Top of RECORDS PROVIDED

(* Let $P=(X,\prec)$ be a finite twin-free interval order containing no induced subposet isomorphic to any of $\mathbf{4}+\mathbf{1}$, $\mathbf{3}+\mathbf{1}+\mathbf{1}$, $Z$, $D$, $Y$, or the dual of $Y$, and let $\mathcal I=\{I(z)=[L(z),R(z)]:z\in X\}$ be a closed interval representation of $P$ such that (1) no interval strictly contains two other intervals, (2) no interval is strictly contained in two other intervals, and (3) whenever $I(u)\subsetneq I(v)$ there are unique $x,y\in X$ with $x$ peeking into $vu$ from the left and $y$ peeking into $vu$ from the right. Fix a proper inclusion $I(u)\subsetneq I(v)$ with left peeker $x$ and right peeker $y$, and replace $I(x)$ by $[L(x),L(v)]$ and $I(y)$ by $[R(v),R(y)]$, leaving all other intervals unchanged. Then the resulting set of closed intervals is again a closed interval representation of $P$, it again satisfies (1), (2), (3), and it has the same proper inclusions as $\mathcal I$ (that is, for all $a,b\in X$ the new interval of $a$ is properly contained in the new interval of $b$ if and only if $I(a)\subsetneq I(b)$).
   Context: Posets are strict (irreflexive) partial orders; twins are points with exactly the same comparabilities; twin-free means no two distinct twins. A closed interval representation of $P$ assigns a closed real interval $[L(x),R(x)]$ to each $x$ with $x\prec y$ iff $R(x)<L(y)$; $P$ is an interval order if one exists. $I(u)$ is strictly contained in $I(v)$ if $I(u)\subset I(v)$ and they do not have identical endpoints. For $I(u)\subsetneq I(v)$: $x$ peeks into $vu$ if $I(x)$ meets $I(v)$ but not $I(u)$; from the left if moreover $R(x)\le L(u)$; from the right if moreover $R(u)\le L(x)$. Forbidden posets (unlisted, non-transitively-implied pairs incomparable): $\mathbf{4}+\mathbf{1}$: $a\prec b\prec c\prec d$ plus isolated $x$. $\mathbf{3}+\mathbf{1}+\mathbf{1}$: $a\prec b\prec c$ plus isolated $x,y$. $Z$: $a,b,c,d,x,y$ with $a\prec b\prec c\prec d$, $x\prec d$, $a\prec y$. $D$: $a,b,c,d,x$ with $a\prec b\prec d$, $a\prec c\prec d$. $Y$: $a,b,c,d,x$ with $a\prec d\prec b$, $a\prec d\prec c$. The dual reverses all comparabilities. *)

From HB Require Import structures.
From mathcomp Require Import all_boot all_order all_algebra.
From mathcomp Require Import reals.
Set Implicit Arguments. Unset Strict Implicit. Unset Printing Implicit Defensive.
Import Order.TTheory GRing.Theory Num.Theory.
Local Open Scope ring_scope.

Definition strict_poset (T : finType) (lt : rel T) : Prop :=
  irreflexive lt /\ transitive lt.

Definition twins (T : finType) (lt : rel T) (a b : T) : Prop :=
  forall z, (lt z a = lt z b) /\ (lt a z = lt b z).

Definition twin_free (T : finType) (lt : rel T) : Prop :=
  forall a b, twins lt a b -> a = b.

(** A small poset on 'I_k given by the list of ALL its comparable pairs
    (already transitively closed). *)
Definition rel_of (k : nat) (s : seq (nat * nat)) : rel 'I_k :=
  fun i j => (nat_of_ord i, nat_of_ord j) \in s.

Definition dual_rel (k : nat) (r : rel 'I_k) : rel 'I_k := fun i j => r j i.

Definition contains_induced (T : finType) (lt : rel T) (k : nat) (r : rel 'I_k)
  : Prop :=
  exists f : 'I_k -> T, injective f /\ forall i j, lt (f i) (f j) = r i j.

(** 4+1 : a=0<b=1<c=2<d=3, x=4 isolated. *)
Definition four_plus_one : rel 'I_5 :=
  @rel_of 5 [:: (0,1); (0,2); (0,3); (1,2); (1,3); (2,3)]%N.
(** 3+1+1 : a=0<b=1<c=2, x=3, y=4 isolated. *)
Definition three_one_one : rel 'I_5 :=
  @rel_of 5 [:: (0,1); (0,2); (1,2)]%N.
(** Z : a=0<b=1<c=2<d=3, x=4<d, a<y=5. *)
Definition posetZ : rel 'I_6 :=
  @rel_of 6 [:: (0,1); (0,2); (0,3); (1,2); (1,3); (2,3); (4,3); (0,5)]%N.
(** D : a=0<b=1<d=3, a<c=2<d, x=4 isolated. *)
Definition posetD : rel 'I_5 :=
  @rel_of 5 [:: (0,1); (0,2); (0,3); (1,3); (2,3)]%N.
(** Y : a=0<d=3<b=1, a<d<c=2, x=4 isolated. *)
Definition posetY : rel 'I_5 :=
  @rel_of 5 [:: (0,3); (3,1); (3,2); (0,1); (0,2)]%N.

Definition forbidden_free (T : finType) (lt : rel T) : Prop :=
  ~ contains_induced lt four_plus_one /\
  ~ contains_induced lt three_one_one /\
  ~ contains_induced lt posetZ /\
  ~ contains_induced lt posetD /\
  ~ contains_induced lt posetY /\
  ~ contains_induced lt (dual_rel posetY).

Section Intervals.
Variables (R : realType) (T : finType).

Definition closed_rep (lt : rel T) (L Rt : T -> R) : Prop :=
  (forall z, L z <= Rt z) /\ (forall a b, lt a b = (Rt a < L b)).

Definition interval_order (lt : rel T) : Prop :=
  exists L Rt : T -> R, closed_rep lt L Rt.

Definition scont (L Rt : T -> R) (u v : T) : Prop :=
  (L v <= L u /\ Rt u <= Rt v) /\ ~ (L u = L v /\ Rt u = Rt v).

Definition meets (L Rt : T -> R) (a b : T) : Prop :=
  L a <= Rt b /\ L b <= Rt a.

Definition peeks (L Rt : T -> R) (v u x : T) : Prop :=
  meets L Rt x v /\ ~ meets L Rt x u.
Definition peeks_left (L Rt : T -> R) (v u x : T) : Prop :=
  peeks L Rt v u x /\ Rt x <= L u.
Definition peeks_right (L Rt : T -> R) (v u x : T) : Prop :=
  peeks L Rt v u x /\ Rt u <= L x.

Definition cond1 (L Rt : T -> R) : Prop :=
  ~ exists v a b, a <> b /\ scont L Rt a v /\ scont L Rt b v.
Definition cond2 (L Rt : T -> R) : Prop :=
  ~ exists u a b, a <> b /\ scont L Rt u a /\ scont L Rt u b.
Definition cond3 (L Rt : T -> R) : Prop :=
  forall u v, scont L Rt u v ->
    (exists! x, peeks_left L Rt v u x) /\ (exists! y, peeks_right L Rt v u y).

Definition good_rep (L Rt : T -> R) : Prop :=
  cond1 L Rt /\ cond2 L Rt /\ cond3 L Rt.

Definition newL (L Rt : T -> R) (v y : T) : T -> R :=
  fun z => if z == y then Rt v else L z.
Definition newR (L Rt : T -> R) (v x : T) : T -> R :=
  fun z => if z == x then L v else Rt z.

End Intervals.

(** By (3), the left peeker x is the only interval that meets I(v) and ends
    before I(u) begins, and dually for y.  Conditions (1) and (2) moreover forbid
    any interval from starting in ]L v, R x] or ending in [L y, R v[.  Hence
    shortening I(x) to end at L v and I(y) to start at R v moves each endpoint
    across a gap containing no other endpoint of its kind: the order of left
    endpoints, the order of right endpoints and every comparison R a < L b are
    unchanged.  The first two orders determine the proper inclusions, the last
    one the poset, and meeting and peeking are expressed through the poset, so
    (1)-(3) carry over. *)
From HB Require Import structures.
From mathcomp Require Import all_boot all_order all_algebra.
From mathcomp Require Import reals.
From mathcomp Require Import lra.
Set Implicit Arguments. Unset Strict Implicit. Unset Printing Implicit Defensive.
Import Order.TTheory GRing.Theory Num.Theory.
Local Open Scope ring_scope.

Lemma le_move_in_gap (T : eqType) (R : realDomainType) (f g : T -> R) x lo hi :
  lo <= g x <= hi -> lo <= f x <= hi ->
  (forall z, z != x -> g z = f z) ->
  (forall z, z != x -> f z < lo \/ hi < f z) ->
  forall a b, (g a <= g b) = (f a <= f b).
Proof.
move=> /andP[g1 g2] /andP[f1 f2] gf gap a b.
have [->|ax] := eqVneq a x; have [->|bx] := eqVneq b x; rewrite ?lexx //.
- by rewrite (gf b bx); case: (gap b bx) => h; apply/idP/idP; lra.
- by rewrite (gf a ax); case: (gap a ax) => h; apply/idP/idP; lra.
- by rewrite !gf.
Qed.

Section Inclusions.
Variables (R : realType) (T : finType).
Implicit Types (L Rt : T -> R) (a b v : T).

Lemma scont_intro L Rt a b :
  L b <= L a -> Rt a <= Rt b -> L b < L a \/ Rt a < Rt b -> scont L Rt a b.
Proof.
by move=> h1 h2 h3; split=> // -[e1 e2]; rewrite e1 e2 !ltxx in h3; case: h3.
Qed.

Lemma scont_le_eq L Rt L' R' :
  (forall a b, (L' a <= L' b) = (L a <= L b)) ->
  (forall a b, (R' a <= R' b) = (Rt a <= Rt b)) ->
  forall a b, scont L' R' a b <-> scont L Rt a b.
Proof.
move=> hL hR a b.
have eqL c d : (L' c == L' d) = (L c == L d) by rewrite !eq_le !hL.
have eqR c d : (R' c == R' d) = (Rt c == Rt d) by rewrite !eq_le !hR.
rewrite /scont !hL !hR; split=> -[h ne]; split=> // -[/eqP e1 /eqP e2]; apply: ne.
- by split; apply/eqP; rewrite ?eqL ?eqR.
- by split; apply/eqP; rewrite -?eqL -?eqR.
Qed.

Lemma cond1_eq L Rt a b v :
  cond1 L Rt -> scont L Rt a v -> scont L Rt b v -> a = b.
Proof.
move=> c1 av bv; have [//|/eqP ab] := eqVneq a b.
by exfalso; apply: c1; exists v, a, b.
Qed.

Lemma cond2_eq L Rt a b v :
  cond2 L Rt -> scont L Rt v a -> scont L Rt v b -> a = b.
Proof.
move=> c2 va vb; have [//|/eqP ab] := eqVneq a b.
by exfalso; apply: c2; exists v, a, b.
Qed.

End Inclusions.

Section Representation.
Variables (R : realType) (T : finType) (lt : rel T) (L Rt : T -> R).
Hypothesis rep : closed_rep lt L Rt.

Lemma meets_rep a b : meets L Rt a b <-> ~~ lt b a /\ ~~ lt a b.
Proof. by case: rep => _ h; rewrite /meets !h -!leNgt. Qed.

Lemma peeks_left_rep v u z :
  peeks_left L Rt v u z <-> peeks L Rt v u z /\ lt z u.
Proof.
case: rep => hLR h; rewrite /peeks_left h; split=> -[[m nm] hz]; split=> //.
- rewrite ltNge; apply/negP => h2; apply: nm.
  by have := hLR z; have := hLR u; split; lra.
- exact: ltW.
Qed.

Lemma peeks_right_rep v u z :
  peeks_right L Rt v u z <-> peeks L Rt v u z /\ lt u z.
Proof.
case: rep => hLR h; rewrite /peeks_right h; split=> -[[m nm] hz]; split=> //.
- rewrite ltNge; apply/negP => h2; apply: nm.
  by have := hLR z; have := hLR u; split; lra.
- exact: ltW.
Qed.

End Representation.

Lemma good_rep_transfer (R : realType) (T : finType) (lt : rel T)
    (L Rt L' R' : T -> R) :
  closed_rep lt L Rt -> closed_rep lt L' R' ->
  (forall a b, scont L' R' a b <-> scont L Rt a b) ->
  good_rep L Rt -> good_rep L' R'.
Proof.
move=> rep rep' hsc [c1 [c2 c3]].
have hpeeks v u z : peeks L' R' v u z <-> peeks L Rt v u z.
  by rewrite /peeks !(meets_rep rep') !(meets_rep rep).
have hpl v u z : peeks_left L' R' v u z <-> peeks_left L Rt v u z.
  by rewrite (peeks_left_rep rep') (peeks_left_rep rep) hpeeks.
have hpr v u z : peeks_right L' R' v u z <-> peeks_right L Rt v u z.
  by rewrite (peeks_right_rep rep') (peeks_right_rep rep) hpeeks.
split; [|split].
- by case=> w [a [b [ab [h1 h2]]]]; apply: c1; exists w, a, b; rewrite -!hsc.
- by case=> w [a [b [ab [h1 h2]]]]; apply: c2; exists w, a, b; rewrite -!hsc.
- move=> a b /hsc /c3 [[x0 [px0 ux0]] [y0 [py0 uy0]]]; split.
  + by exists x0; split=> [|z /hpl]; [apply/hpl | apply: ux0].
  + by exists y0; split=> [|z /hpr]; [apply/hpr | apply: uy0].
Qed.

Section Modification.
Variables (R : realType) (T : finType) (lt : rel T) (L Rt : T -> R) (u v x y : T).
Hypotheses (rep : closed_rep lt L Rt) (good : good_rep L Rt).
Hypotheses (uv : scont L Rt u v) (xl : peeks_left L Rt v u x)
  (yr : peeks_right L Rt v u y).

Let hLR := rep.1.

Lemma left_peeker_before : Rt x < L u.
Proof. by rewrite -rep.2; case/(peeks_left_rep rep): xl. Qed.

Lemma right_peeker_after : Rt u < L y.
Proof. by rewrite -rep.2; case/(peeks_right_rep rep): yr. Qed.

Lemma left_peeker_unique a :
  L a <= Rt v -> L v <= Rt a -> Rt a < L u -> a = x.
Proof.
move=> h1 h2 h3; have [[x0 [_ ux0]] _] := good.2.2 u v uv.
have pa : peeks_left L Rt v u a by split; [split=> // -[_ ?]; lra | lra].
by rewrite -(ux0 a pa); exact: ux0.
Qed.

Lemma right_peeker_unique a :
  L a <= Rt v -> L v <= Rt a -> Rt u < L a -> a = y.
Proof.
move=> h1 h2 h3; have [_ [y0 [_ uy0]]] := good.2.2 u v uv.
have pa : peeks_right L Rt v u a by split; [split=> // -[? _]; lra | lra].
by rewrite -(uy0 a pa); exact: uy0.
Qed.

Lemma left_peeker_starts_before : L x <= L v.
Proof.
have [[_ Ruv] _] := uv; have Lu := hLR u; have Rxu := left_peeker_before.
rewrite leNgt; apply/negP => Lvx.
have xv : scont L Rt x v by apply: scont_intro; [exact: ltW | lra | left].
by have xu := cond1_eq good.1 xv uv; rewrite xu in Rxu; lra.
Qed.

Lemma right_peeker_ends_after : Rt v <= Rt y.
Proof.
have [[Lvu _] _] := uv; have Lu := hLR u; have Ruy := right_peeker_after.
rewrite leNgt; apply/negP => Ryv.
have yv : scont L Rt y v by apply: scont_intro; [lra | exact: ltW | right].
by have yu := cond1_eq good.1 yv uv; rewrite yu in Ruy; lra.
Qed.

Lemma left_peeker_end_lt a : L v < L a -> Rt x < L a.
Proof.
move=> Lva; have [[_ Ruv] _] := uv; have Rxu := left_peeker_before.
rewrite ltNge; apply/negP => Lax; have La := hLR a.
have [Rav|Rva] := leP (Rt a) (Rt v).
- have av : scont L Rt a v by apply: scont_intro; [exact: ltW | | left].
  by have au := cond1_eq good.1 av uv; rewrite au in Lax; lra.
- have ua : scont L Rt u a by apply: scont_intro; [lra | lra | right; lra].
  by have va := cond2_eq good.2.1 uv ua; rewrite va in Lva; lra.
Qed.

Lemma right_peeker_start_gt a : Rt a < Rt v -> Rt a < L y.
Proof.
move=> Rav; have [[Lvu _] _] := uv; have Ruy := right_peeker_after.
rewrite ltNge; apply/negP => Lya; have La := hLR a.
have [Lva|Lav] := leP (L v) (L a).
- have av : scont L Rt a v by apply: scont_intro; [| exact: ltW | right].
  by have au := cond1_eq good.1 av uv; rewrite au in Lya; lra.
- have ua : scont L Rt u a by apply: scont_intro; [lra | lra | left; lra].
  by have va := cond2_eq good.2.1 uv ua; rewrite va in Lav; lra.
Qed.

Lemma right_ends_off_left_peek a : a != x -> Rt a < L v \/ Rt x < Rt a.
Proof.
move=> ax; have [[_ Ruv] _] := uv; have La := hLR a; have Lu := hLR u.
have Rxu := left_peeker_before.
have [Rav|Lva] := ltP (Rt a) (L v); [by left | right].
have [Rva|Lav] := ltP (Rt v) (L a); first lra.
have [Rau|Lua] := ltP (Rt a) (L u); last lra.
by rewrite (left_peeker_unique Lav Lva Rau) eqxx in ax.
Qed.

Lemma left_ends_off_right_peek a : a != y -> L a < L y \/ Rt v < L a.
Proof.
move=> ay; have [[Lvu _] _] := uv; have La := hLR a; have Lu := hLR u.
have Ruy := right_peeker_after.
have [Rav|Lva] := ltP (Rt a) (L v); [left; lra |].
have [Rva|Lav] := ltP (Rt v) (L a); [by right |].
have [Lau|Rua] := leP (L a) (Rt u); [left; lra |].
by rewrite (right_peeker_unique Lav Lva Rua) eqxx in ay.
Qed.

Lemma newrep_closed : closed_rep lt (newL L Rt v y) (newR L Rt v x).
Proof.
have [[_ Ruv] _] := uv.
have [[[_ Lvx] _] _] := xl; have [[[Lyv _] _] _] := yr.
have Lu := hLR u; have Rxu := left_peeker_before; have Ruy := right_peeker_after.
have yx : y != x by apply/eqP => yx; have Lx := hLR x; rewrite yx in Ruy; lra.
rewrite /newL /newR; split=> [z | a b].
- have [-> | _] := eqVneq z y.
    by rewrite (negbTE yx) right_peeker_ends_after.
  by have [-> | _] := eqVneq z x; [exact: left_peeker_starts_before | exact: hLR].
- rewrite rep.2; have [-> | _] := eqVneq a x; have [-> | _] := eqVneq b y => //.
  + by apply/idP/idP; lra.
  + by apply/idP/idP => [h | /left_peeker_end_lt //]; lra.
  + by apply/idP/idP => [h | /right_peeker_start_gt //]; lra.
Qed.

Lemma newrep_scont a b :
  scont (newL L Rt v y) (newR L Rt v x) a b <-> scont L Rt a b.
Proof.
have [[[_ Lvx] _] _] := xl; have [[[Lyv _] _] _] := yr.
apply: scont_le_eq => {a b}.
- apply: (@le_move_in_gap _ _ _ _ y (L y) (Rt v)) => [||z zy|].
  + by rewrite /newL eqxx Lyv lexx.
  + by rewrite lexx Lyv.
  + by rewrite /newL (negbTE zy).
  + exact: left_ends_off_right_peek.
- apply: (@le_move_in_gap _ _ _ _ x (L v) (Rt x)) => [||z zx|].
  + by rewrite /newR eqxx Lvx lexx.
  + by rewrite lexx Lvx.
  + by rewrite /newR (negbTE zx).
  + exact: right_ends_off_left_peek.
Qed.

End Modification.

Theorem proposition14 (R : realType) (T : finType) (lt : rel T)
  (L Rt : T -> R) (u v x y : T) :
  strict_poset lt ->
  twin_free lt ->
  interval_order R lt ->
  forbidden_free lt ->
  closed_rep lt L Rt ->
  good_rep L Rt ->
  scont L Rt u v ->
  peeks_left L Rt v u x ->
  peeks_right L Rt v u y ->
  let L' := newL L Rt v y in
  let R' := newR L Rt v x in
  closed_rep lt L' R' /\ good_rep L' R' /\
  (forall a b, scont L' R' a b <-> scont L Rt a b).
Proof.
move=> _ _ _ _ rep good uv xl yr L' R'.
have rep' := newrep_closed rep good uv xl yr.
have scont' := newrep_scont rep good uv xl yr.
split; first exact: rep'.
split; last exact: scont'.
exact: good_rep_transfer rep rep' scont' good.
Qed.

Bottom of RECORDS PROVIDED

* [ABOUT THIS EXERCISE] Reproduce exactly the lines above from the line with "rewrite /scont !hL" to the line with "move=> c2 va", including both, and add nothing.

* [PROBLEM SOLUTION]
rewrite /scont !hL !hR; split=> -[h ne]; split=> // -[/eqP e1 /eqP e2]; apply: ne.
- by split; apply/eqP; rewrite ?eqL ?eqR.
- by split; apply/eqP; rewrite -?eqL -?eqR.
Qed.

Lemma cond1_eq L Rt a b v :
  cond1 L Rt -> scont L Rt a v -> scont L Rt b v -> a = b.
Proof.
move=> c1 av bv; have [//|/eqP ab] := eqVneq a b.
by exfalso; apply: c1; exists v, a, b.
Qed.

Lemma cond2_eq L Rt a b v :
  cond2 L Rt -> scont L Rt v a -> scont L Rt v b -> a = b.
Proof.
move=> c2 va vb; have [//|/eqP ab] := eqVneq a b.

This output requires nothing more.